HAL provides eight domains, a scoring system, and practical templates for workflows where individual review does not scale. It addresses a different class of problem from Human-in-the-Loop.

HAL is not a label for autonomy. It is a test of whether autonomy has been properly bounded, evidenced and owned.

Read the HAL framework →

When each model fits

Workflow type Recommended model
Drafting a memo Human-in-the-Loop
Summarising a contract Human-in-the-Loop
Monitoring regulatory updates Human-on-the-Loop
Screening incoming matters Human-on-the-Loop or HAL
Drafting a client communication Human-in-the-Loop
Routing client requests HAL
Updating matter records HAL
Triggering external communications HAL with approval gates or strict controls
Filing regulatory documents HAL only with high score and approval gates

Practical decision tree

  1. Question 1

    Does the AI system only generate outputs for human use?

    If yes: Human-in-the-Loop likely fits.

  2. Question 2

    Does the AI system operate continuously or at scale, but humans intervene when needed?

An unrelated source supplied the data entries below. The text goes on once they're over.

(* Let $0<r<q-1$. Then \[\mathrm{ind}_{IZ}^G\chi_r\neq \mathrm{Ker}\,T_{-1,0}\oplus\mathrm{Ker}\,T_{1,2}.\]
   Context: $F$ is a finite extension of $\mathbb Q_p$ with ring of integers $\mathcal O$, uniformizer $\varpi$, residue field $\mathbb F_q$; $[x]$ is the multiplicative representative of $x\in\mathbb F_q$; $\bar a$ the reduction of $a\in\mathcal O$. $G=\mathrm{GL}_2(F)$, $K=\mathrm{GL}_2(\mathcal O)$, $Z$ the centre, $I$ the Iwahori subgroup of $K$ (lower-left entry in $\varpi\mathcal O$). $\chi_r:IZ\to\overline{\mathbb F}_p^\times$, $\begin{pmatrix} a&b\\ \varpi c&d\end{pmatrix}\mapsto\bar d^{\,r}$, $\mathrm{diag}(\varpi,\varpi)\mapsto1$; $\mathrm{ind}_{IZ}^G\chi_r$ is the compact induction, and $[g,1]$ denotes the element supported on $IZg^{-1}$ with value $1$ at $g^{-1}$. With $\beta=\begin{pmatrix}0&1\\ \varpi&0\end{pmatrix}$, $w=\begin{pmatrix}0&1\\1&0\end{pmatrix}$, $I_1=\{[\lambda]:\lambda\in\mathbb F_q\}$, $T_{-1,0},T_{1,2}$ are the $G$-endomorphisms of $\mathrm{ind}_{IZ}^G\chi_r$ with $T_{-1,0}[g,1]=\sum_{\lambda\in I_1}[g\begin{pmatrix}\varpi&\lambda\\0&1\end{pmatrix},1]$ and $T_{1,2}[g,1]=\sum_{\lambda\in I_1}[g\beta\begin{pmatrix}1&\lambda\\0&1\end{pmatrix}w,1]$. (It is known that $\mathrm{Ker}\,T_{-1,0}\cap\mathrm{Ker}\,T_{1,2}=0$.) *)

From mathcomp Require Import all_boot all_order all_algebra.
Set Implicit Arguments. Unset Strict Implicit. Unset Printing Implicit Defensive.
Import Order.TTheory GRing.Theory Num.Theory.
Local Open Scope ring_scope.

(* The base field F : a complete discretely valued field of characteristic *)
(* 0 whose residue field k is finite (of characteristic p).  These are     *)
(* exactly the finite extensions of Q_p.          *)
(* The valuation v : F -> int is only meaningful on nonzero elements.      *)

Section LocalField.
Variables (F : fieldType) (v : F -> int).

Definition vge (N : int) (x : F) : Prop := x = 0 \/ N <= v x.

Definition inO (x : F) : Prop := vge 0 x.

Definition discrete_valuation : Prop :=
  [/\ forall x y, x != 0 -> y != 0 -> v (x * y) = v x + v y,
      forall x y, x != 0 -> y != 0 -> x + y != 0 ->
                  Order.min (v x) (v y) <= v (x + y)
    & exists x, x != 0 /\ v x = 1].

Definition v_complete : Prop :=
  forall u : nat -> F,
    (forall N : int, exists M, forall m n, (M <= m)%N -> (M <= n)%N -> vge N (u m - u n)) ->
    exists l, forall N : int, exists M, forall n, (M <= n)%N -> vge N (u n - l).

(* p-adic local field data: F with valuation v, uniformizer varpi,
   residue field k with reduction map red : O -> k (extended arbitrarily
   outside O), multiplicative (Teichmueller) representatives teich. *)
Definition padic_field (p : nat) (varpi : F) (k : finFieldType)
    (red : F -> k) (teich : k -> F) : Prop :=
  [/\ [/\ [pchar F] =i pred0, discrete_valuation & v_complete],
      varpi != 0 /\ v varpi = 1,
      p \in [pchar k],
      [/\ red 1 = 1,
          forall x y, inO x -> inO y -> red (x + y) = red x + red y,
          forall x y, inO x -> inO y -> red (x * y) = red x * red y,
          forall a : k, exists x, inO x /\ red x = a
        & forall x, inO x -> (red x = 0 <-> vge 1 x)]
    &
      forall a : k, [/\ inO (teich a), red (teich a) = a
                       & teich a ^+ #|k| = teich a]].

End LocalField.

(* GL_2(F) is modelled inside 'M[F]_2 (invertible matrices = unitmx).     *)

Definition mx2 (F : fieldType) (a b c d : F) : 'M[F]_2 :=
  \matrix_(i < 2, j < 2)
    if (i == 0 :> nat) then (if (j == 0 :> nat) then a else b)
    else (if (j == 0 :> nat) then c else d).

Section Induction.
Variables (F : fieldType) (v : F -> int) (varpi : F) (k : finFieldType)
          (red : F -> k) (C : fieldType) (iota : {rmorphism k -> C}) (r : nat).

Definition inI (m : 'M[F]_2) : Prop :=
  [/\ forall i j, inO v (m i j),
      vge v 1 (m ord_max ord0),
      \det m != 0 & v (\det m) = 0].

Definition inIZ (h : 'M[F]_2) : Prop :=
  exists c m, c != 0 /\ inI m /\ h = c *: m.

(* chi_r on IZ:  (a b; varpi c d) |-> dbar^r,  diag(varpi,varpi) |-> 1.
   For h = c * m (c scalar, m in I) this is the reduction of the unit part
   of the lower-right entry of h, raised to r. *)
Definition chi (h : 'M[F]_2) : C :=
  iota (red (h ord_max ord_max / varpi ^ (v (h ord_max ord_max)))) ^+ r.

(* the compact induction ind_{IZ}^G chi_r, as functions on G
   (extended by 0 to non-invertible matrices) *)
Definition in_ind (f : 'M[F]_2 -> C) : Prop :=
  [/\ forall g, g \notin unitmx -> f g = 0,
      forall h g, inIZ h -> g \in unitmx -> f (h *m g) = chi h * f g
    & exists s : seq 'M[F]_2, forall g, f g != 0 ->
        exists2 x, x \in s & exists h, inIZ h /\ g = h *m x].

(* phi = [g,1]: supported on IZ g^{-1}, with value 1 at g^{-1} *)
Definition is_bracket (g : 'M[F]_2) (phi : 'M[F]_2 -> C) : Prop :=
  [/\ in_ind phi, phi (invmx g) = 1
    & forall x, phi x != 0 -> exists h, inIZ h /\ x = h *m invmx g].

Definition gact (g : 'M[F]_2) (f : 'M[F]_2 -> C) : 'M[F]_2 -> C :=
  fun x => f (x *m g).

    If yes: Human-on-the-Loop likely fits.

  3. Question 3

    Does the AI system take action, trigger workflows, create records, route work or affect outcomes without review of every action?

    If yes: Human-Accountable-for-the-Loop likely fits.

  4. Question 4

    Could failure create legal, financial, regulatory, reputational or client impact?

    If yes: Assess against HAL before deployment.